* **Source material**
Lemma is_l2_const_eq0 c : is_l2 (fun _ => c) -> c = 0.
Proof.
  intros Hl; apply ex_series_lim_0, is_lim_seq_unique in Hl.
  rewrite Lim_seq_const in Hl; injection Hl; intros Hc2; nra.
Qed.

Lemma is_l2_Astar y : is_l2 y -> is_l2 (Astar y).
Proof. intros Hy; exact (is_l2_sub y _ Hy (is_l2_shift y Hy)). Qed.

Lemma sum_n_Astar_mul y x N :
  sum_n (fun n => Astar y n * x n) N = sum_n (fun n => y n * A x n) N - y (S N) * x N.
Proof.
  induction N as [|N IH].
  - rewrite !sum_O; unfold Astar, A; simpl; ring.
  - rewrite !sum_Sn, IH; unfold plus, Astar; simpl; ring.
Qed.

Lemma pairing_Astar y x : is_cc x -> pairing (Astar y) x = pairing y (A x).
Proof.
  intros [N HN]; unfold pairing.
  rewrite (is_series_unique _ _ (is_series_eventually_zero (fun n => Astar y n * x n) N
             ltac:(intros n Hn; cbv beta; rewrite HN by lia; ring))).
  rewrite (is_series_unique _ _ (is_series_eventually_zero (fun n => y n * A x n) N
             ltac:(intros [|n] Hn; [lia|]; cbv beta; unfold A; rewrite !HN by lia; ring))).
  rewrite sum_n_Astar_mul, (HN N) by lia; ring.
Qed.

Lemma Astar_inj y1 y2 : is_l2 y1 -> is_l2 y2 -> Astar y1 = Astar y2 -> y1 = y2.
Proof.
  intros H1 H2 Heq.
  assert (Hconst : forall n, y1 n - y2 n = y1 0%nat - y2 0%nat).
  { induction n as [|n IH]; [reflexivity|].
    rewrite <- IH; generalize (equal_f Heq n); unfold Astar; lra. }
  assert (Hd0 : y1 0%nat - y2 0%nat = 0).
  { apply is_l2_const_eq0.
    apply (ex_series_ext (fun n => (y1 n - y2 n) ^ 2)); [intros; now rewrite Hconst|].
    exact (is_l2_sub y1 y2 H1 H2). }
  apply functional_extensionality; intros n; generalize (Hconst n); lra.
Qed.

Lemma Astar_vzero : Astar vzero = vzero.
Proof. apply functional_extensionality; intros; unfold Astar, vzero; ring. Qed.

Lemma vopp_Astar_neq0 y : is_l2 y -> y <> vzero -> vopp (Astar y) <> vzero.
Proof.
  intros Hl Hy Heq; apply Hy, Astar_inj; [exact Hl | exact is_l2_vzero |].
  rewrite Astar_vzero; apply functional_extensionality; intros n.
  generalize (equal_f Heq n); unfold vopp, vzero; lra.
Qed.

Lemma pairing_vzero x : pairing vzero x = 0.
Proof.
  unfold pairing.
  rewrite (is_series_unique _ _ (is_series_eventually_zero (fun n => vzero n * x n) 0
             ltac:(intros; unfold vzero; ring))).
  rewrite sum_O; unfold vzero; ring.
Qed.

Definition unit_seq (k : nat) (c : R) : seqR := fun n => if Nat.eqb n k then c else 0.

Lemma is_cc_unit_seq k c : is_cc (unit_seq k c).
Proof.
  exists (S k); intros n Hn; unfold unit_seq.
  destruct (Nat.eqb_spec n k); [lia | reflexivity].
Qed.

Lemma pairing_unit_seq y k c : pairing y (unit_seq k c) = y k * c.
Proof.
  assert (Hoff : forall n, n <> k -> y n * unit_seq k c n = 0).
  { intros n Hn; unfold unit_seq; destruct (Nat.eqb_spec n k); [lia | ring]. }
  unfold pairing.
  rewrite (is_series_unique _ _ (is_series_eventually_zero _ k
             (fun n Hn => Hoff n ltac:(lia)))).
  rewrite sum_n_single by exact Hoff; unfold unit_seq; now rewrite Nat.eqb_refl.
Qed.

Lemma conj_g_vzero : conj g_cc vzero = Finite 0.
Proof.
  apply Lub_Rbar_approx.
  - intros r [x [_ ->]]; rewrite pairing_vzero; unfold g_cc; lra.
  - intros eps Heps; exists 0; split; [|lra].
    exists vzero; split; [exact is_cc_vzero|]; rewrite pairing_vzero; unfold g_cc; ring.
Qed.

Lemma conj_g_neq0 y : y <> vzero -> conj g_cc y = p_infty.
Proof.
  intros Hy.
  destruct (not_all_ex_not _ _ (fun Hall => Hy (functional_extensionality _ _ Hall)))
    as [k Hk].
  apply Lub_Rbar_unbounded; intros M; exists (Rabs M + 1); split.
  - exists (unit_seq k ((Rabs M + 1) / y k)); split; [apply is_cc_unit_seq|].
    rewrite pairing_unit_seq; unfold g_cc; field; exact Hk.
  - generalize (Rle_abs M); lra.
Qed.

Lemma conj_g_Astar_finite y :
  is_l2 y -> Rbar_lt (conj g_cc (vopp (Astar y))) p_infty -> y = vzero.
Proof.
  intros Hl Hlt; apply NNPP; intros Hy.
  rewrite conj_g_neq0 in Hlt by (apply vopp_Astar_neq0; assumption); exact Hlt.
Qed.

(** * The function [f], the dual value and the primal value *)

Definition f_term (x : seqR) (k : nat) : R :=
  INR (S k) ^ 2 / 2 * (x k - 1 / INR (S k) ^ 2) ^ 2.

Lemma INR_S_pos k : 0 < INR (S k).
Proof. apply lt_0_INR; lia. Qed.

Lemma f_term_nonneg x k : 0 <= f_term x k.
Proof.
  unfold f_term; apply Rmult_le_pos; [|apply pow2_ge_0].
  generalize (pow2_ge_0 (INR (S k))); lra.
Qed.

Lemma f_term_sub_basel x k :
  f_term x k - basel_term k = INR (S k) ^ 2 / 2 * x k ^ 2 - x k.
Proof. unfold f_term, basel_term; generalize (INR_S_pos k); intros; field; lra. Qed.

Lemma is_series_f_term x N : (forall n, (N <= n)%nat -> x n = 0) ->
  is_series (f_term x) (PI ^ 2 / 12 + sum_n (fun k => INR (S k) ^ 2 / 2 * x k ^ 2 - x k) N).
Proof.
  intros HN.
  assert (Hfin := is_series_eventually_zero (fun k => INR (S k) ^ 2 / 2 * x k ^ 2 - x k) N
    ltac:(intros n Hn; cbv beta; rewrite HN by lia; ring)).
  refine (is_series_ext _ _ _ _ (is_series_plus _ _ _ _ basel_half Hfin)).
  intros k; change (basel_term k + (INR (S k) ^ 2 / 2 * x k ^ 2 - x k) = f_term x k).
  rewrite <- f_term_sub_basel; ring.
Qed.

Lemma f_cc_eventually_zero x N : (forall n, (N <= n)%nat -> x n = 0) ->
  f_cc x = PI ^ 2 / 12 + sum_n (fun k => INR (S k) ^ 2 / 2 * x k ^ 2 - x k) N.
Proof. intros HN; apply is_series_unique, is_series_f_term, HN. Qed.

Lemma f_cc_ge_partial x M : is_cc x -> sum_n (f_term x) M <= f_cc x.
Proof.
  intros [N HN]; unfold f_cc; fold (f_term x).
  rewrite (is_series_unique _ _ (is_series_f_term x N HN)).
  apply sum_n_le_series; [apply is_series_f_term, HN | apply f_term_nonneg].
Qed.

Lemma f_cc_nonneg x : is_cc x -> 0 <= f_cc x.
Proof.
  intros Hx; apply Rle_trans with (sum_n (f_term x) 0).
  - apply sum_n_nonneg, f_term_nonneg.
  - apply f_cc_ge_partial, Hx.
Qed.

Definition basel_truncation (M : nat) : seqR :=
  fun k => if Nat.leb k M then 1 / INR (S k) ^ 2 else 0.

Lemma is_cc_basel_truncation M : is_cc (basel_truncation M).
Proof.
  exists (S M); intros n Hn; unfold basel_truncation.
  destruct (Nat.leb_spec n M); [lia | reflexivity].
Qed.

Lemma f_cc_basel_truncation M :
  f_cc (basel_truncation M) = PI ^ 2 / 12 - sum_n basel_term M.
Proof.
  assert (Htail : forall n, (M < n)%nat -> basel_truncation M n = 0).
  { intros n Hn; unfold basel_truncation; destruct (Nat.leb_spec n M); [lia | reflexivity]. }
  rewrite (f_cc_eventually_zero _ (S M)) by (intros n Hn; apply Htail; lia).
  rewrite sum_Sn, Htail by lia.
  rewrite (sum_n_ext_loc _ (fun k => 0 - basel_term k)).
  - rewrite sum_n_minus, sum_n_eq0 by reflexivity; unfold plus; simpl; ring.
  - intros k Hk; unfold basel_truncation, basel_term.
    rewrite (proj2 (Nat.leb_le k M)) by exact Hk.
    generalize (INR_S_pos k); intros; change (@eq R (INR (S k) ^ 2 / 2 * (1 / INR (S k) ^ 2) ^ 2 - 1 / INR (S k) ^ 2) (0 - 1 / (2 * INR (S k) ^ 2))); field; lra.
Qed.

Lemma conj_f_vzero : conj f_cc vzero = Finite 0.
Proof.
  apply Lub_Rbar_approx.
  - intros r [x [Hx ->]]; rewrite pairing_vzero; generalize (f_cc_nonneg x Hx); lra.
  - intros eps Heps.
    assert (Hsum : is_lim_seq (sum_n basel_term) (PI ^ 2 / 12)) by exact basel_half.
    destruct (proj2 (is_lim_seq_spec _ _) Hsum (mkposreal eps Heps)) as [M HM].
    specialize (HM M (le_n _)); simpl in HM; apply Rabs_def2 in HM.
    exists (0 - f_cc (basel_truncation M)); split.
    + exists (basel_truncation M); split; [apply is_cc_basel_truncation|].
      now rewrite pairing_vzero.
    + rewrite f_cc_basel_truncation; lra.
Qed.

Lemma dual_obj_vzero : dual_obj vzero = Finite 0.
Proof.
  unfold dual_obj; rewrite Astar_vzero.
  replace (vopp vzero) with vzero
    by (apply functional_extensionality; intros; unfold vopp, vzero; ring).
  rewrite conj_f_vzero, conj_g_vzero; simpl; f_equal; ring.
Qed.

Lemma dual_obj_finite y r : is_l2 y -> dual_obj y = Finite r -> r = 0.
Proof.
  intros Hl Hr; destruct (classic (y = vzero)) as [->|Hy].
  - rewrite dual_obj_vzero in Hr; now injection Hr.
  - (* The value is [-f^*(y) - (+oo)], which Coquelicot evaluates to [-oo], or to the
       junk value [0] of [+oo - oo] if [f^*(y) = -oo]. *)
    unfold dual_obj in Hr; rewrite conj_g_neq0 in Hr by (apply vopp_Astar_neq0; assumption).
    destruct (conj f_cc y); simpl in Hr; try discriminate; now injection Hr.
Qed.

Lemma dual_value_eq0 : dual_value = Finite 0.
Proof.
  apply Lub_Rbar_approx.
  - intros r [y [Hy Hr]]; rewrite (dual_obj_finite y r Hy Hr); lra.
  - intros eps Heps; exists 0; split; [|lra].
    exists vzero; split; [exact is_l2_vzero | exact dual_obj_vzero].
Qed.

Lemma sum_n_A x N : sum_n (A x) N = x N.
Proof.
  induction N as [|N IH]; [now rewrite sum_O|].
  rewrite sum_Sn, IH; unfold plus; simpl; ring.
Qed.

Lemma A_vzero : A vzero = vzero.
Proof. apply functional_extensionality; intros [|n]; unfold A, vzero; simpl; ring. Qed.

Lemma f_cc_vzero : f_cc vzero = PI ^ 2 / 12.
Proof.
  rewrite (f_cc_eventually_zero vzero 0) by reflexivity.
  rewrite sum_O; unfold vzero; ring.
Qed.

Lemma f_cc_A_ge x : is_cc x -> PI ^ 2 / 12 <= f_cc (A x).
Proof.
  intros [N HN].
  rewrite (f_cc_eventually_zero (A x) (S N)).
  2: { intros [|n] Hn; [lia|]; unfold A; rewrite !HN by lia; ring. }
  rewrite sum_n_minus, sum_n_A, (HN (S N)) by lia.
  assert (0 <= sum_n (fun k => INR (S k) ^ 2 / 2 * A x k ^ 2) (S N)).
  { apply sum_n_nonneg; intros k; apply Rmult_le_pos; [|apply pow2_ge_0].
    generalize (pow2_ge_0 (INR (S k))); lra. }
  lra.
Qed.

Lemma primal_value_eq : primal_value = Finite (PI ^ 2 / 12).
Proof.
  apply Glb_Rbar_min.
  - intros r [x [Hx ->]]; unfold g_cc; generalize (f_cc_A_ge x Hx); lra.
  - exists vzero; split; [exact is_cc_vzero|].
    rewrite A_vzero, f_cc_vzero; unfold g_cc; ring.
Qed.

* **Task instructions**
Your task is to restate, word for word, only those lines above that fall between the line holding "Lemma Astar_inj y1" and the line holding "intros Hl Hy", inclusive.

* **Answer section**
Lemma Astar_inj y1 y2 : is_l2 y1 -> is_l2 y2 -> Astar y1 = Astar y2 -> y1 = y2.
Proof.
  intros H1 H2 Heq.
  assert (Hconst : forall n, y1 n - y2 n = y1 0%nat - y2 0%nat).
  { induction n as [|n IH]; [reflexivity|].
    rewrite <- IH; generalize (equal_f Heq n); unfold Astar; lra. }
  assert (Hd0 : y1 0%nat - y2 0%nat = 0).
  { apply is_l2_const_eq0.
    apply (ex_series_ext (fun n => (y1 n - y2 n) ^ 2)); [intros; now rewrite Hconst|].
    exact (is_l2_sub y1 y2 H1 H2). }
  apply functional_extensionality; intros n; generalize (Hconst n); lra.
Qed.

Lemma Astar_vzero : Astar vzero = vzero.
Proof. apply functional_extensionality; intros; unfold Astar, vzero; ring. Qed.

Lemma vopp_Astar_neq0 y : is_l2 y -> y <> vzero -> vopp (Astar y) <> vzero.
Proof.
  intros Hl Hy Heq; apply Hy, Astar_inj; [exact Hl | exact is_l2_vzero |].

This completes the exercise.